Above Photo: Every time an organization broadcasts their commitment to deep social change, while instead prioritizing one-dimensional results for their wealthy funders, the task of dismantling multilayered systems of destruction is lost in translation. (Photo: JT)
How a black youth-led organization aims to cut the profit flow from mass incarceration into the pockets of the wealthy and the multi-billion dollar security industry.
In July 2010, Marissa Alexander, a young Black woman from Florida, faced the fight of her life only nine days after giving birth to her youngest daughter. Her estranged husband, Rico Gray, attacked, strangled, and threatened to kill Marissa in her own home. To get rid of Rico, Marissa fired a warning shot into the ceiling. The single shot injured no one. And yet she was subsequently charged with several criminal charges and incarcerated for a victimless crime.
Marissa’s story is just one example of how prisons, profit, policing, and poverty are intimately connected. Prisons have long been warehouses for the poor and individuals who are unable to defend themselves in a vicious legal system. Undue profiling by law enforcement has long been the gateway into the incarceration system. And increasingly rich people and the multi-billion dollar security industry make money off of mass incarceration.

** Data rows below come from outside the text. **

(* Let $N\ge3$ be an integer, $\psi\in(0,1)$ and $w_a\in(0,1)$, and define $$r^{(hub)}=\frac1N+\frac{N-1}{N}\psi,\qquad r^{(fc)}=\frac1N+\frac{w_a(N-1)\psi}{N(1-\psi(1-w_a))},\qquad r^{(leaf)}=\frac1N+\frac{w_a\psi(1+(N-2)\psi)}{N(1-\psi^2(1-w_a))}.$$ Then $r^{(hub)}>r^{(fc)}>r^{(leaf)}$.
   Context: In the paper these three quantities are the attacker's share of the network consensus (the derivative of the average equilibrium Friedkin–Johnsen opinion with respect to the attacker's prior) when an absolutely stubborn attacker sits at the hub of a star, in a fully connected network, or at a leaf of a star, with $N-1$ benign agents of effective peer pull $\psi$ and attention weight $w_a$ on the attacker. *)

From Stdlib Require Import Reals.
Open Scope R_scope.

(* Attacker's share of consensus: attacker at the hub of a star. *)
Definition r_hub (N : nat) (psi : R) : R :=
  / INR N + (INR N - 1) / INR N * psi.

Definition r_fc (N : nat) (psi wa : R) : R :=
  / INR N + wa * (INR N - 1) * psi / (INR N * (1 - psi * (1 - wa))).

Definition r_leaf (N : nat) (psi wa : R) : R :=
  / INR N + wa * psi * (1 + (INR N - 2) * psi) / (INR N * (1 - psi ^ 2 * (1 - wa))).

(* Both gaps have closed forms with manifestly positive factors:
   r_hub - r_fc = (N-1) psi (1-psi)(1-wa) / (N (1 - psi (1-wa))) and
   r_fc - r_leaf = wa psi (1-psi)(N-2 + psi (1-wa)) / (N (1 - psi (1-wa)) (1 - psi^2 (1-wa))),
   so N >= 2 already suffices. *)
From Stdlib Require Import Reals Lra Psatz.
Open Scope R_scope.

Lemma one_sub_mul_compl_pos (x wa : R) :
  0 <= x < 1 -> 0 < wa <= 1 -> 0 < 1 - x * (1 - wa).
Proof. intros [x0 x1] [w0 w1]; nra. Qed.

Section Gaps.

Variables (N : nat) (psi wa : R).
Hypotheses (Hpsi : 0 < psi < 1) (Hwa : 0 < wa < 1).

Let n := INR N.

Let fc_denom_pos : 0 < 1 - psi * (1 - wa).
Proof. apply one_sub_mul_compl_pos; lra. Qed.

Let leaf_denom_pos : 0 < 1 - psi ^ 2 * (1 - wa).
Proof. apply one_sub_mul_compl_pos; [split; nra | lra]. Qed.

Lemma r_hub_sub_r_fc : (0 < N)%nat ->
  r_hub N psi - r_fc N psi wa
  = (n - 1) * psi * ((1 - psi) * (1 - wa)) / (n * (1 - psi * (1 - wa))).
Proof.
  intros HN; unfold r_hub, r_fc; fold n.
  assert (0 < n) by (apply lt_0_INR; exact HN).
  field; lra.
Qed.

Lemma r_fc_sub_r_leaf : (0 < N)%nat ->
  r_fc N psi wa - r_leaf N psi wa
  = wa * psi * ((1 - psi) * (n - 2 + psi * (1 - wa)))
    / (n * (1 - psi * (1 - wa)) * (1 - psi ^ 2 * (1 - wa))).
Proof.
  intros HN; unfold r_fc, r_leaf; fold n.
  assert (0 < n) by (apply lt_0_INR; exact HN).
  field; lra.
Qed.

Lemma r_fc_lt_r_hub : (2 <= N)%nat -> r_fc N psi wa < r_hub N psi.
Proof.
  intros HN.
  assert (Hn : 2 <= n) by (apply (le_INR 2); exact HN).
  apply Rlt_0_minus; rewrite r_hub_sub_r_fc by lia.
  apply Rdiv_lt_0_compat; apply Rmult_lt_0_compat; nra.
Qed.

Lemma r_leaf_lt_r_fc : (2 <= N)%nat -> r_leaf N psi wa < r_fc N psi wa.
Proof.
  intros HN.
  assert (Hn : 2 <= n) by (apply (le_INR 2); exact HN).
  apply Rlt_0_minus; rewrite r_fc_sub_r_leaf by lia.
  apply Rdiv_lt_0_compat; repeat apply Rmult_lt_0_compat; nra.
Qed.

End Gaps.

Theorem corollary2 (N : nat) (psi wa : R) :
  (3 <= N)%nat -> 0 < psi < 1 -> 0 < wa < 1 ->
  r_hub N psi > r_fc N psi wa /\ r_fc N psi wa > r_leaf N psi wa.
Proof.
  intros HN Hpsi Hwa; split.
  - apply r_fc_lt_r_hub; auto with arith.
  - apply r_leaf_lt_r_fc; auto with arith.
Qed.
(* Let $\theta,\theta'$ be real antisymmetric $n\times n$ matrices and $l\ge 1$. Let $\bar C^l\subset C^l=\mathrm{Hom}(B^l(A_\theta),A_{\theta'}[1])$ be the subcomplex of normal cochains. Then $H^k(\bar C^l)=0$ for all $k>0$; in particular $H^1(\bar C^l)=0$.
   Context: For a real antisymmetric $n\times n$ matrix $\theta$, $A_\theta$ is the unital dg-algebra over $\mathbb{R}$ generated by $x^1,\dots,x^n$ (degree $0$) and $\xi^1,\dots,\xi^n$ (degree $1$) with relations $x^ix^j-x^jx^i=\theta^{ij}$, $x^i\xi^j=\xi^jx^i$, $\xi^i\xi^j=0$, and differential $dx^i=\xi^i$, $d\xi^i=0$ (graded Leibniz rule). As a vector space $A_\theta$ is the space of polynomials $a_0(x)+a_i(x)\xi^i$ in commuting $x$'s at most linear in the $\xi$'s. $A_\theta[1]$ is the degree shift ($A_\theta[1]_k=(A_\theta)_{k+1}$), $B^l(A_\theta)=A_\theta[1]^{\otimes l}$ carries the differential induced by $d$ (with Koszul signs), and $C^l=\bigoplus_k\mathrm{Hom}^k(B^l(A_\theta),A_{\theta'}[1])$, where $\mathrm{Hom}^k$ consists of linear maps raising degree by $k$, with differential $d_l(f)=f\circ d$. A cochain $f\in C^l$ is normal if $f(a_1,\dots,a_l)=0$ whenever some $a_i$ equals $1\in A_\theta$; normal cochains form a subcomplex $\bar C^l$. *)

From HB Require Import structures.
From mathcomp Require Import all_boot all_order all_algebra.
From mathcomp Require Import mpoly.
From mathcomp Require Import reals.

Set Implicit Arguments.
Unset Strict Implicit.
Unset Printing Implicit Defensive.

Import Order.TTheory GRing.Theory Num.Theory.
Local Open Scope ring_scope.

Section NCSpace.
Variables (R : realType) (n : nat).

Definition antisym (theta : 'M[R]_n) : Prop := theta^T = - theta.

(* Underlying graded vector space of A_theta: an element a_0(x) + a_i(x) xi^i is
   the pair (a_0, (a_i)_i); degree-0 part = first component, degree-1 part =
   second component.  The (graded) vector space, unit and differential do not
   depend on theta; theta only enters the product, which plays no role in the
   complex C^l. *)
Definition Aspace : Type := ({mpoly R[n]} * {ffun 'I_n -> {mpoly R[n]}})%type.
Definition A (theta : 'M[R]_n) : lmodType R := Aspace.

Definition Aone (theta : 'M[R]_n) : A theta := (1, 0).

(* differential d(a_0 + a_i xi^i) = (d_j a_0) xi^j, since dx^j = xi^j, xi^i xi^j = 0
   and the xi's are central. *)
Definition Ad (theta : 'M[R]_n) (a : A theta) : A theta :=
  (0, [ffun j => mderiv j a.1]).

Definition Ahomog (theta : 'M[R]_n) (t : int) (a : A theta) : bool :=
  if t == 0 then a.2 == 0 else if t == 1 then a.1 == 0 else a == 0.

(* Koszul sign operator on A[1]: a |-> (-1)^{|a|_{A[1]}} a, where the degree in
   A[1] is the degree in A minus one. *)
Definition Asign (theta : 'M[R]_n) (a : A theta) : A theta := (- a.1, a.2).

End NCSpace.

Section Cochains.
Variables (R : realType) (n l : nat) (theta theta' : 'M[R]_n).

(* Linear maps B^l(A_theta) = A_theta[1]^{(x) l} -> A_theta'[1] are identified
   (universal property of the tensor product) with l-multilinear maps. *)
Definition upd (a : 'I_l -> A theta) (i : 'I_l) (x : A theta) : 'I_l -> A theta :=
  fun j => if j == i then x else a j.

Definition multilinear (f : ('I_l -> A theta) -> A theta') : Prop :=
  forall (a : 'I_l -> A theta) (i : 'I_l) (c : R) (x y : A theta),
    f (upd a i (c *: x + y)) = c *: f (upd a i x) + f (upd a i y).

(* f is in Hom^k: on homogeneous inputs a_i of A-degree e_i (i.e. A[1]-degree
   e_i - 1), the output has A[1]-degree sum_i (e_i - 1) + k, i.e. A-degree
   sum_i e_i - l + k + 1. *)
Definition homCochain (k : int) (f : ('I_l -> A theta) -> A theta') : Prop :=
  multilinear f /\
  forall (e : 'I_l -> bool) (a : 'I_l -> A theta),
    (forall i, Ahomog (e i)%:Z (a i)) ->
    Ahomog ((\sum_(i < l) (e i : nat))%:Z - l%:Z + k + 1) (f a).
Lemma far_dev_bound (T d chi x : R) : 0 < T -> 0 <= d -> 0 < chi ->
  2 * 4000 ^+ 2 * d <= T ^+ 2 * chi -> x ^+ 2 <= d * chi -> x <= T * chi / 4000.
Proof.
move=> T_gt0 d_ge0 chi_gt0 scaled_ge x_sq_le.
have M_ge0 : 0 <= T * chi / 4000 by rewrite divr_ge0 // mulr_ge0 ?ltW.
have dchi_le : d * chi <= (T * chi / 4000) ^+ 2.
  rewrite expr_div_n ler_pdivlMr ?exprn_gt0 //.
  have := ler_wpM2r (ltW chi_gt0) scaled_ge.
  have := mulr_ge0 d_ge0 (ltW chi_gt0).
  lra.
move: (T * chi / 4000) M_ge0 dchi_le => M M_ge0 dchi_le.
nra.
Qed.

Lemma far_error_small (T e d chi m : R) : 0 < T -> 0 <= d ->
  4000 <= T * e ^+ 2 -> 4000 ^+ 2 * d <= (T * e ^+ 2) ^+ 2 ->
  2 * e ^+ 2 < chi -> 2 * 4000 ^+ 2 * d <= T ^+ 2 * chi ->
  m <= 2 * T ^+ 3 * chi * (1 + T * chi / 4000) +
       4 * T ^+ 2 * (2 * d * (1 + chi)) ->
  m / (T ^+ 2 * chi - T ^+ 2 * e ^+ 2) ^+ 2 <= 1 / 100.
Proof.
move=> T_gt0 d_ge0 size_ge size_sq_ge chi_gt scaled_ge m_le.
have chi_gt0 : 0 < chi by have := sqr_ge0 e; lra.
have T2_gt0 : 0 < T ^+ 2 by rewrite exprn_gt0.
have dchi_ge := ler_wpM2r (ltW chi_gt0) scaled_ge.
have dchi_ge0 := mulr_ge0 d_ge0 (ltW chi_gt0).
have gap_ge : T ^+ 2 * chi / 2 <= T ^+ 2 * chi - T ^+ 2 * e ^+ 2.
  have : T ^+ 2 * (2 * e ^+ 2) <= T ^+ 2 * chi by rewrite ler_pM2l // ltW.
  lra.
have gap_sq_ge :
    (T ^+ 2 * chi / 2) ^+ 2 <= (T ^+ 2 * chi - T ^+ 2 * e ^+ 2) ^+ 2.
  have half_ge0 : 0 <= T ^+ 2 * chi / 2 by rewrite divr_ge0 // mulr_ge0 ?ltW.
  by rewrite ler_pXn2r ?nnegrE //; lra.
have Tchi_ge : 2 * (T * e ^+ 2) <= T * chi.
  have : T * (2 * e ^+ 2) <= T * chi by rewrite ler_pM2l // ltW.
  lra.
have z2_ge : 4 * 4000 ^+ 2 * d <= (T * chi) ^+ 2.
  have : (2 * (T * e ^+ 2)) ^+ 2 <= (T * chi) ^+ 2.
    by rewrite ler_pXn2r ?nnegrE //; lra.
  lra.
have zz_ge : 8000 * (T * chi) <= (T * chi) ^+ 2.
  by rewrite [leRHS]expr2 ler_pM2r ?mulr_gt0 //; lra.
(* since T chi >= 8000 and T^2 chi >= 2 * 4000^2 d, the left side is below
   (3 / 4000 + 1 / 10^6) (T chi)^2 *)
have inner_le : 2 * (T * chi) + 2 * (T * chi) * (T * chi / 4000) +
    8 * d + 8 * (d * chi) <= (T * chi) ^+ 2 / 800 by lra.
have := ler_wpM2l (ltW T2_gt0) inner_le.
have := sqr_ge0 (T ^+ 2 * chi / 2).
rewrite ler_pdivrMr; first lra.
by apply: lt_le_trans gap_sq_ge; rewrite exprn_gt0 ?divr_gt0 ?mulr_gt0.
Qed.

Definition identity_test (d T : nat) (q : {ffun 'I_d -> R}) (tau : R)
    (s : samples d T) : R :=
  if cross_stat q (test_weight q) s <= tau then 1 else 0.

Lemma identity_test_is_algorithm d T (q : {ffun 'I_d -> R}) tau :
  is_algorithm (@identity_test d T q tau).
Proof. by move=> s; rewrite /identity_test; case: ifP; rewrite ?lexx ?ler01. Qed.

Section IdentityTest.
Variables (d T : nat) (q : {ffun 'I_d -> R}) (p : 'I_T -> {ffun 'I_d -> R}).
Hypotheses (d_gt0 : (0 < d)%N) (T_gt0 : (0 < T)%N) (q_distr : is_distr q)
  (p_distr : forall t, is_distr (p t)).

Let p_ge0 t i : 0 <= p t i. Proof. by case: (p_distr t). Qed.
Let p_sum1 t : \sum_i p t i = 1. Proof. by case: (p_distr t). Qed.

Lemma mean_cross_stat_pavg :
  \sum_s sample_prob p s * cross_stat q (test_weight q) s =
  T%:R ^+ 2 * smoothed_chi2 q (pavg p).
Proof.
rewrite mean_cross_stat // /smoothed_chi2 mulr_sumr.
by apply: eq_bigr => i _; rewrite drift_pavg //; ring.
Qed.

Lemma cross_stat_gap_le :
  \sum_s sample_prob p s * cross_stat q (test_weight q) s ^+ 2
    - (\sum_s sample_prob p s * cross_stat q (test_weight q) s) ^+ 2 <=
  2 * T%:R ^+ 3 * \sum_i test_weight q i ^+ 2 * (pavg p i - q i) ^+ 2 * pavg p i +
  4 * T%:R ^+ 2 * \sum_i (test_weight q i * pavg p i) ^+ 2.
Proof.
rewrite second_moment_cross_stat // mean_cross_stat //.
have mass_term : \sum_i test_weight q i ^+ 2 * drift p q i ^+ 2 * mass p i =
    T%:R ^+ 3 * \sum_i test_weight q i ^+ 2 * (pavg p i - q i) ^+ 2 * pavg p i.
  rewrite mulr_sumr; apply: eq_bigr => i _.
  by rewrite mass_pavg // drift_pavg //; ring.
have mass_sq_term : \sum_i test_weight q i ^+ 2 * mass p i ^+ 2 =
    T%:R ^+ 2 * \sum_i (test_weight q i * pavg p i) ^+ 2.
  by rewrite mulr_sumr; apply: eq_bigr => i _; rewrite mass_pavg //; ring.
have := second_moment_gap_le p_ge0 p_sum1 (drift p q)
  (test_weight_ge0 d_gt0 q_distr).
by rewrite mass_term mass_sq_term !mulrA.
Qed.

Marissa Alexander fought a long battle in the Florida courts to appeal her conviction on the basis of her right of self-defense. She eventually was successful and in 2015 she was released from jail and put on probation. But in the meantime, she paid a high cost. Throughout her entire ordeal, she not only missed irreplaceable time with her children. She also had to pay $105 every week for the use of an ankle monitor while she was under house arrest and an additional $500 every other week for a bond cost.
Rich people and the multi-billion dollar security industry are increasingly making money off mass incarceration.
Even after coming to a plea agreement with the state of Florida on lesser charges, Marissa still had to pay continued costs for house detention and wearing a surveillance monitor. These costs do not include the additional financial burden placed on her family to travel to and from prison.
Alongside a booming prison population in the United States there are booming profits for corporations that create products and services for the criminal justice system. Increasingly, state governments have shifted the cost for these services directly to those being punished. Simply put, mass incarceration and the criminalization of young Black people has been nothing more than a massive payday for these kinds of corporations.
Many states no longer directly manage jails and prisons but pay corporations to do so. At times when jails have not been filled to capacity with Black bodies, these companies have sued the states for financial loss. While the majority of prisoners are not housed in private prisons, an American Civil Liberties Union study reports that the private prison population increased 1,600 percent between 1990 and 2009. The two top private prison companies received over $3 billion in revenue in 2010 alone. Those incarcerated in federal prisons and immigration detention centers are most likely to be in a for-profit private facility, where conditions in many cases are “atrocious,” according to the same ACLU study.
As part of a broader “Agenda to Build Black Futures” published by the Black Youth Project 100 (BYP100), we identified several ways to eliminate profit from punishment. First, we need to abolish all fines in the penal system and administrative fees for probationers and parolees because any transfer of our scarce family wealth to the prison industrial complex cannot be allowed to stand. Fines for minor and petty crimes and misdemeanors should also be ended. It is becoming more and more evident that law enforcement agencies are used as tools to take advantage of young Black people in over-policed areas, particularly for petty crimes like parking infractions, jaywalking, public intoxication, and low-level marijuana possession.
A student-led campaign succeeded in making Columbia University the first to divest from a private prison company.
The profit motive in the penal system is a corrupting force that motivates police and judges to unnecessarily incarcerate and criminalize in order to maintain profitability of powerful moneyed interests. One way we can undercut this is divesting public and higher education funds from the prison-industrial complex. At Columbia University, for example, the Columbia Prison Divest campaign is led by students, including a BYP100 member. This campaign demanded the immediate divestment of all shares from the private prison corporation CCA and the private security company G4S, leading to Columbia University being the first college in the United States to do so.
We also need to reduce police budgets and reallocate residual funds to the people’s vision of public safety. Establishing participatory municipal and state budgets is an avenue that would allow the public to democratically decide how to allocate funds towards services and institutions critical to our survival and success.
The profit motive in the criminal injustice system is immoral and must be eliminated. Mass incarceration of Black people should not lead to unprecedented profit for corporations, government or any individuals. We must demand that all institutions divest immediately from racist and classist systems of punishment.